1998 Progress Report: Environmentally Conscious Manufacturing: Prediction of Processing Waste Streams for Discrete Products

EPA Grant Number: R825370C057
Subproject: this is subproject number 057 , established and managed by the Center Director under grant R825370
(EPA does not fund or establish subprojects; EPA awards and manages the overall grant for this center).
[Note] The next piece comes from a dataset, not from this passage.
(* The family of logics $\mathrm{FO}$ is $\mathbb{T}^\times$-compositional and also $\mathbb{T}$-compositional.
   Context: Sorts are $\Xi=\omega$ (arities). For an $\omega$-sorted family of partial orders $A$ and $n<\omega$, $\mathbb{T}^\times_nA$ is the set of finite or infinite trees with ordered successors labelled by elements of $A$ or variables $x_0,\dots,x_{n-1}$ (arity $0$), where a vertex with label in $A_k$ has exactly $k$ successors, variables label leaves only, and the root is labelled by an element of $A$; ordered by same shape and vertexwise comparison of labels. $\mathbb{T}A\subseteq\mathbb{T}^\times A$ consists of the trees using each variable at most once. $\mathbb{T}^\times$ is a monad with $\mathrm{sing}(a)=a(x_0,\dots,x_{n-1})$ and $\mathrm{flat}$ given by substituting, for each vertex $v$ of a tree of trees, the tree $T(v)$ with its $x_i$-leaves linked to the root of the tree at the $(i+1)$-st successor of $v$ and unravelling; $\mathbb{T}$ is a submonad. For an alphabet (finite unordered set) $\Sigma$, a tree $t$ of sort $n$ is identified with the structure $\langle\mathrm{dom}(t),\preceq,(S_i)_{i<\omega},(P_c)_{c\in\Sigma},(Q_i)_{i<n},R\rangle$ (tree order, successor relations, label predicates, variable predicates, root). FO is the family of logics assigning to $\Sigma$ the first-order sentences over this signature, a sentence of sort $n$ being evaluated on trees of sort $n$. For a monad $\mathbb{M}\in\{\mathbb{T},\mathbb{T}^\times\}$ and a set $\Delta$ of formulae, $s\sqsubseteq_\Delta t$ iff every formula in $\Delta$ satisfied by $s$ is satisfied by $t$. A preorder $\sqsubseteq$ on $\mathbb{M}\Sigma$ is a congruence ordering if $\mathbb{M}q(S)\leq\mathbb{M}q(T)$ implies $\mathrm{flat}(S)\sqsubseteq\mathrm{flat}(T)$ for $S,T\in\mathbb{M}\mathbb{M}\Sigma$, $q$ the quotient map onto the ordered set of classes. A family of logics $L$ is $\mathbb{M}$-compositional if for every finite subfamily $\Phi$ (finitely many formulae per alphabet) there is $\Delta$ with $\Phi\subseteq\Delta\subseteq L$, finite in each sort for each alphabet up to equivalence, such that $\sqsubseteq_{\Delta[\Sigma]}$ is a congruence ordering on $\mathbb{M}\Sigma$ for every alphabet $\Sigma$. *)

From mathcomp Require Import all_boot.
From Stdlib Require List.
Set Implicit Arguments. Unset Strict Implicit. Unset Printing Implicit Defensive.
Center: EERC - National Center for Clean Industrial and Treatment Technologies (CenCITT)
Center Director: Crittenden, John C.
Title: Environmentally Conscious Manufacturing: Prediction of Processing Waste Streams for Discrete Products
Investigators: Sutherland, John
Institution: Michigan Technological University
EPA Project Officer: Klieforth, Barbara I
Project Period:    
Project Period Covered by this Report: January 1, 1997 through January 1, 1998
RFA: Exploratory Environmental Research Centers (1992) RFA Text |  Recipients Lists
Research Category: Center for Clean Industrial and Treatment Technologies (CenCITT) , Targeted Research


The aim of this project is to develop "Process Evaluation and Selection Tools" to minimize the waste streams generated during manufacturing.

Progress Summary:

Product manufacture has undesirable environmental, health, and safety impacts. The long term cost associated with manufacturing processes need to take these environmental and health factors into consideration. This economic aspect provides the motivation for developing tools and enhancing knowledge related to reducing waste and contributes to the central mission of CenCITT, which is to prevent pollution and waste minimization through the application of economically sound technologies.
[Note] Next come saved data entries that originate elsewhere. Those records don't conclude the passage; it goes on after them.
(* Let $\Sigma$ be a finite alphabet. For every unranked ordered $\Sigma$-labeled tree $t$ with $|t|\ge 2$, we have $|\mathrm{dag}(t)| \le \frac12 |\mathrm{hdag}(t)|^2$.
   Context: An unranked tree over $\Sigma$ is a finite rooted tree with nodes labeled in $\Sigma$ and linearly ordered children (arbitrary finite number); $|t|$ is its number of edges. $\mathrm{dag}(t)$ is the minimal dag of $t$: its nodes are the distinct subtrees of $t$, and the node of a subtree $f(s_1,\dots,s_k)$ has $k$ ordered edges to the nodes of $s_1,\dots,s_k$; $|\mathrm{dag}(t)|$ is its number of edges. The first-child/next-sibling encoding $\mathrm{fcns}$ maps a sequence of unranked trees to a binary tree (optional left and right child at each node): $\mathrm{fcns}(\varepsilon)$ is empty and $\mathrm{fcns}(t_1\cdots t_n)=f(\mathrm{fcns}(u_1\cdots u_m),\mathrm{fcns}(t_2\cdots t_n))$ when $t_1=f(u_1,\dots,u_m)$. Hybrid dag: for each distinct subtree $s=f(s_1,\dots,s_k)$ of $t$ with $k\ge1$ introduce a fresh symbol $A_s$ and the height-one tree $\rho_s=f(\alpha_1,\dots,\alpha_k)$, where $\alpha_i$ is the label of $s_i$ if $s_i$ is a single node and $\alpha_i=A_{s_i}$ otherwise. Let $\rho'_s$ be $\rho_s$ with its root additionally marked by $A_s$. $\mathrm{hdag}(t)$ is the minimal dag of the forest of binary trees $\mathrm{fcns}(\rho'_s)$ (identical subtrees anywhere in the forest merged), and $|\mathrm{hdag}(t)|$ is its number of edges, not counting edges to absent children. *)

From HB Require Import structures.
From mathcomp Require Import all_boot.

Set Implicit Arguments.
Unset Strict Implicit.
Unset Printing Implicit Defensive.

Inductive tree (A : Type) : Type := Node of A & seq (tree A).
Arguments Node {A}.

Definition label A (t : tree A) := let: Node a _ := t in a.
Definition children A (t : tree A) := let: Node _ ts := t in ts.

Definition tree_ind' (A : Type) (P : tree A -> Prop)
  (H : forall a ts, foldr (fun t acc => P t /\ acc) True ts -> P (Node a ts)) :
  forall t, P t :=
  fix F t := match t with
  | Node a ts => H a ts
      ((fix G (ts : seq (tree A)) : foldr (fun t acc => P t /\ acc) True ts :=
          match ts with [::] => I | t :: ts' => conj (F t) (G ts') end) ts)
  end.

Section TreeEq.
Variable A : eqType.

Fixpoint tree_eqb (t u : tree A) : bool :=
  match t, u with
  | Node a ts, Node b us =>
      (a == b) &&
      (fix eqs (ts us : seq (tree A)) : bool :=
         match ts, us with
         | [::], [::] => true
         | t :: ts', u :: us' => tree_eqb t u && eqs ts' us'
         | _, _ => false
         end) ts us
  end.

Lemma tree_eqbP : Equality.axiom tree_eqb.
Proof.
move=> t u; apply: (iffP idP); last first.
  move=> <-; elim/tree_ind': t => a ts IH /=; rewrite eqxx /=.
  by elim: ts IH => [|t ts IHts] //= [-> /IHts].
elim/tree_ind': t u => a ts IH [b us] /= /andP[/eqP <- H]; congr Node.
elim: ts us IH H => [|t ts IHts] [|u us] //= [Ht IHrest] /andP[/Ht -> /(IHts _ IHrest) ->].
done.
Qed.

HB.instance Definition _ := hasDecEq.Build (tree A) tree_eqbP.
End TreeEq.

(* |t| : number of edges *)
Fixpoint edges A (t : tree A) : nat :=
  let: Node _ ts := t in size ts + sumn (map (@edges A) ts).

Fixpoint subtrees A (t : tree A) : seq (tree A) :=
  let: Node _ ts := t in t :: flatten (map (@subtrees A) ts).

(* |dag(t)| : nodes are the distinct subtrees; the node of f(s_1..s_k) has k edges *)
Definition dag_size (A : eqType) (t : tree A) : nat :=
  sumn [seq size (children s) | s <- undup (subtrees t)].

Inductive btree (L : Type) : Type :=
| BEmpty : btree L
| BNode : L -> btree L -> btree L -> btree L.
Arguments BEmpty {L}.
Arguments BNode {L}.

Section BtreeEq.
Variable L : eqType.
Fixpoint btree_eqb (t u : btree L) : bool :=
  match t, u with
  | BEmpty, BEmpty => true
  | BNode a l r, BNode b l' r' => [&& a == b, btree_eqb l l' & btree_eqb r r']
  | _, _ => false
  end.
Lemma btree_eqbP : Equality.axiom btree_eqb.
Proof.
move=> t u; apply: (iffP idP); last first.
  by move=> <-; elim: t => //= a l -> r ->; rewrite eqxx.
elim: t u => [|a l IHl r IHr] [|b l' r'] //= /and3P[/eqP <- /IHl <- /IHr <-].
done.
Qed.
HB.instance Definition _ := hasDecEq.Build (btree L) btree_eqbP.
End BtreeEq.

(* first-child / next-sibling encoding of a sequence of unranked trees *)
Fixpoint fcn A (t : tree A) (sib : btree A) : btree A :=
  let: Node f us := t in BNode f (foldr (@fcn A) BEmpty us) sib.
Definition fcns A (ts : seq (tree A)) : btree A := foldr (@fcn A) BEmpty ts.

Lemma fcns_nil A : fcns (A:=A) [::] = BEmpty. Proof. by []. Qed.
Lemma fcns_cons A (f : A) us ts :
  fcns (Node f us :: ts) = BNode f (fcns us) (fcns ts).
Proof. by []. Qed.

Fixpoint bsubtrees L (t : btree L) : seq (btree L) :=
  match t with
  | BEmpty => [::]
  | BNode _ l r => t :: bsubtrees l ++ bsubtrees r
  end.

Definition bout (L : eqType) (t : btree L) : nat :=
  match t with
  | BEmpty => 0
  | BNode _ l r => (l != BEmpty) + (r != BEmpty)
  end.

(* size of the minimal dag of a forest of binary trees
   (identical subtrees anywhere in the forest merged) *)
Definition forest_dag_size (L : eqType) (F : seq (btree L)) : nat :=
  sumn [seq bout s | s <- undup (flatten (map (@bsubtrees L) F))].

(* Labels of the height-one trees rho'_s: the first component is
   a letter of Sigma (inl) or a nonterminal A_{s'} (inr s'), where the fresh
   symbol A_{s'} is identified with the subtree s' itself (so that distinct
   subtrees get distinct symbols); the second component is the root marking:
   Some s for the root of rho'_s (marked by A_s), None otherwise. *)
Definition hlabel (A : eqType) := ((A + tree A) * option (tree A))%type.

Definition alpha (A : eqType) (s : tree A) : A + tree A :=
  if children s is [::] then inl (label s) else inr s.

Definition rho' (A : eqType) (s : tree A) : tree (hlabel A) :=
  Node (inl (label s), Some s)
       [seq Node (alpha u, None) [::] | u <- children s].

Definition hdag_forest (A : eqType) (t : tree A) : seq (btree (hlabel A)) :=
  [seq fcns [:: rho' s] | s <- undup (subtrees t) & 0 < size (children s)].

Definition hdag_size (A : eqType) (t : tree A) : nat :=
  forest_dag_size (hdag_forest t).

From mathcomp Require Import all_boot zify.

(* Let n be the number of distinct internal subtrees of t and h = |hdag(t)|.
   Every tree of the hdag forest has a root with one edge (to its first child),
   and the first-child/next-sibling encoding of the k children of any internal
   subtree is a right spine contributing k - 1 further edges.  Hence every
   internal subtree has at most h + 1 - n children, and
   |dag(t)| <= n (h + 1 - n) <= h^2 / 2, where the last step only fails if
   n = 1 and the root has a single child, which |t| >= 2 excludes. *)

Set Implicit Arguments.
Unset Strict Implicit.
Unset Printing Implicit Defensive.

Lemma sumn_map_le_undup (T : eqType) (f : T -> nat) (s s' : seq T) :
  uniq s -> {subset s <= s'} -> sumn (map f s) <= sumn (map f (undup s')).
Proof.
move=> us ss'; rewrite !sumnE !big_map.
apply: (uniq_sub_le_big (@leqnn) (fun m n => leq_addr n m)) => //.
  exact: undup_uniq.
by move=> x /ss'; rewrite mem_undup.
Qed.

Lemma sumn_map_pos (T : Type) (f : T -> nat) (s : seq T) :
  sumn (map f s) = sumn (map f [seq x <- s | 0 < f x]).
Proof.
rewrite !sumnE !big_map big_filter; symmetry.
by apply: big_rmcond => x; rewrite lt0n negbK => /eqP.
Qed.

Lemma sumn_map_le_const (T : eqType) (f : T -> nat) (s : seq T) c :
  {in s, forall x, f x <= c} -> sumn (map f s) <= size s * c.
Proof.
elim: s => //= x s IH fc; rewrite mulSn leq_add ?fc ?mem_head // IH // => y ys.
by apply: fc; rewrite inE ys orbT.
Qed.

Lemma leq_double_mul_sqr m n :
  0 < m -> 0 < n -> 2 <= maxn m n -> 2 * (m * n) <= (m + n).-1 ^ 2.
Proof. by move=> *; rewrite expnS expn1; nia. Qed.

Section BinaryTrees.
Variable L : eqType.

Fixpoint bsize (b : btree L) : nat :=
  if b is BNode _ l r then (bsize l + bsize r).+1 else 0.

Definition blabel (b : btree L) : option L :=
  if b is BNode x _ _ then Some x else None.

Lemma bsize_bsubtrees b c : c \in bsubtrees b -> bsize c <= bsize b.
Proof.
elim: b => [|x l IHl r IHr] //=; rewrite inE mem_cat.
by case/orP => [/eqP-> // | /orP[/IHl | /IHr]] /=; lia.
Qed.

Definition chain (xs : seq L) : btree L :=
  foldr (fun x b => BNode x BEmpty b) BEmpty xs.

Lemma fcns_leaves (xs : seq L) : fcns [seq Node x [::] | x <- xs] = chain xs.
Proof. by elim: xs => //= x xs ->. Qed.

Lemma uniq_bsubtrees_chain xs : uniq (bsubtrees (chain xs)).
Proof.
elim: xs => //= x xs ->; rewrite andbT.
by apply/negP => /bsize_bsubtrees /=; lia.
Qed.

Lemma blabel_bsubtrees_chain xs :
  map blabel (bsubtrees (chain xs)) = map Some xs.
Proof. by elim: xs => //= x xs ->. Qed.

Lemma bout_bsubtrees_chain xs :
  sumn (map (@bout L) (bsubtrees (chain xs))) = (size xs).-1.
Proof. by elim: xs => [|x xs /= ->] //; case: xs. Qed.

End BinaryTrees.

Lemma mem_subtrees_self (A : eqType) (t : tree A) : t \in subtrees t.
Proof. by case: t => a ts; exact: mem_head. Qed.

Section HybridDag.
Variable A : eqType.
Implicit Types s t : tree A.

Definition internal_subtrees t : seq (tree A) :=
  [seq s <- undup (subtrees t) | 0 < size (children s)].

Definition leaf_labels s : seq (hlabel A) :=
  [seq (alpha u, None) | u <- children s].

Lemma dag_size_internal t :
  dag_size t = sumn [seq size (children s) | s <- internal_subtrees t].
Proof. exact: sumn_map_pos. Qed.

Lemma fcns_rho' s :
  fcns [:: rho' s] = BNode (inl (label s), Some s) (chain (leaf_labels s)) BEmpty.
Proof. by rewrite /= -fcns_leaves -map_comp. Qed.

Lemma sumn_bout_hdag_forest t :
  sumn (map (@bout _) (hdag_forest t)) = size (internal_subtrees t).
Proof.
have : all (fun s => 0 < size (children s)) (internal_subtrees t) by exact: filter_all.
rewrite /hdag_forest -/(internal_subtrees t) -map_comp.
elim: (internal_subtrees t) => //= s ss IH /andP[s_int /IH ->].
by case: s s_int => a [|u us].
Qed.

Lemma hdag_size_ge t s : s \in internal_subtrees t ->
  size (internal_subtrees t) + (size (children s)).-1 <= hdag_size t.
Proof.
move=> s_int; set C := bsubtrees (chain (leaf_labels s)).
have -> : (size (children s)).-1 = sumn (map (@bout _) C).
  by rewrite bout_bsubtrees_chain size_map.
rewrite -sumn_bout_hdag_forest -sumn_cat -map_cat; apply: sumn_map_le_undup.
  (* Roots are marked by their subtree, spine nodes are unmarked. *)
  rewrite cat_uniq uniq_bsubtrees_chain andbT; apply/andP; split.
    rewrite map_inj_in_uniq ?filter_uniq ?undup_uniq // => x y _ _.
    by rewrite !fcns_rho' => -[].
  apply/hasP => -[b /(map_f (@blabel _)) + /mapP[x _ b_eq]].
  by rewrite blabel_bsubtrees_chain b_eq fcns_rho' -map_comp => /mapP[].
move=> b; rewrite mem_cat => /orP[b_roots | bC]; apply/flatten_mapP.
  by exists b => //; case/mapP: b_roots => x _ ->; rewrite fcns_rho' mem_head.
exists (fcns [:: rho' s]); first exact: (map_f (fun s => fcns [:: rho' s])).
by rewrite fcns_rho' /= inE cats0 bC orbT.
Qed.

Lemma mem_internal_subtrees_self t :
  0 < size (children t) -> t \in internal_subtrees t.
Proof. by move=> t_ch; rewrite mem_filter mem_undup t_ch mem_subtrees_self. Qed.

Lemma two_le_internal_subtrees_or_children t : 2 <= edges t ->
  (2 <= size (internal_subtrees t)) || (2 <= size (children t)).
Proof.
case: t => a [|c [|c' cs]] //=; last by rewrite orbT.
rewrite addn0 => edges_c; set t := Node a [:: c].
have c_int : c \in internal_subtrees t.
  rewrite mem_filter mem_undup /= cats0 inE mem_subtrees_self orbT andbT.
  by case: c edges_c {t} => b [].
have t_int : t \in internal_subtrees t by exact: mem_internal_subtrees_self.
have c_neq_t : c != t by apply/eqP => /(congr1 (@edges A)) /=; lia.
apply/orP; left; rewrite -[2]/(size [:: c; t]).
apply: uniq_leq_size; first by rewrite /= inE c_neq_t.
by move=> x; rewrite !inE => /orP[] /eqP->.
Qed.

End HybridDag.

Theorem theorem2 (Sigma : finType) (t : tree Sigma) :
  2 <= edges t -> 2 * dag_size t <= hdag_size t ^ 2.
Proof.
move=> t_edges; have t_ch : 0 < size (children t) by case: t t_edges => a [].
set n := size (internal_subtrees t); set h := hdag_size t.
have t_int := mem_internal_subtrees_self t_ch.
have n_pos : 0 < n by rewrite /n -has_predT; apply/hasP; exists t.
have children_le : {in internal_subtrees t, forall s, size (children s) <= h.+1 - n}.
  by move=> s /hdag_size_ge; lia.
pose X := h.+1 - n.
have dag_le : dag_size t <= n * X.
  by rewrite dag_size_internal; exact: sumn_map_le_const.
have children_t_le := children_le t t_int.
have hE : h = (n + X).-1 by have := hdag_size_ge t_int; rewrite /X; lia.
rewrite hE; apply: leq_trans (leq_mul (leqnn 2) dag_le) (leq_double_mul_sqr _ _ _) => //.
  exact: leq_trans children_t_le.
by case/orP: (two_le_internal_subtrees_or_children t_edges) => two_le; lia.
Qed.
The ECM project is a joint effort between Michigan Technological University and the University of Wisconsin-Madison. The ultimate goal of this effort is to produce an Environmental Advisory System for designing a concept design based product evaluation tool. The figure below illustrates the structure of the product evaluation tool.

Product Evaluation Tool Structure

A product life cycle consists of manufacturing, use, and post-use stages. This research project investigates the manufacturing stage and quantifies the environmental impact of various processes.

The research work at MTU is focused on the development of a manufacturing process waste stream evaluation software tool based on appropriate theoretical underpinnings. Initial efforts have been directed at identifying appropriate process models for waste streams, and minimizing waste streams using operation planning methods. The other part of the tool, which involves product design, is being developed at the University of Wisconsin-Madison under the supervision of Dr. Rajit Gadh.

Major developments to date are waste stream models for Traditional Machining Techniques such as Turning, Tapping, Milling, Drilling and Non-Traditional Machining Techniques such as Electro Discharge Machining (EDM) processes. The waste streams identified with their associated process performance measures for traditional and EDM processes are depicted in the table below.

Research on various other aspects of environmentally conscious manufacturing was carried out simultaneously under the guidance of Dr. John Sutherland. Models have been developed to understand the effect of cutting fluids on chip morphology in machining processes with special focus on drilling operations. A project was undertaken in which a mechanistic model was proposed to predict chip curvature based on stream line theory in orthogonal cutting. These efforts have been supported by: Ford, NSF, NSF-EPA, Caterpillar, Setco, Kennametal, M.A. Ford, Cheboygan, Heldun, Chesterton, and Valenite.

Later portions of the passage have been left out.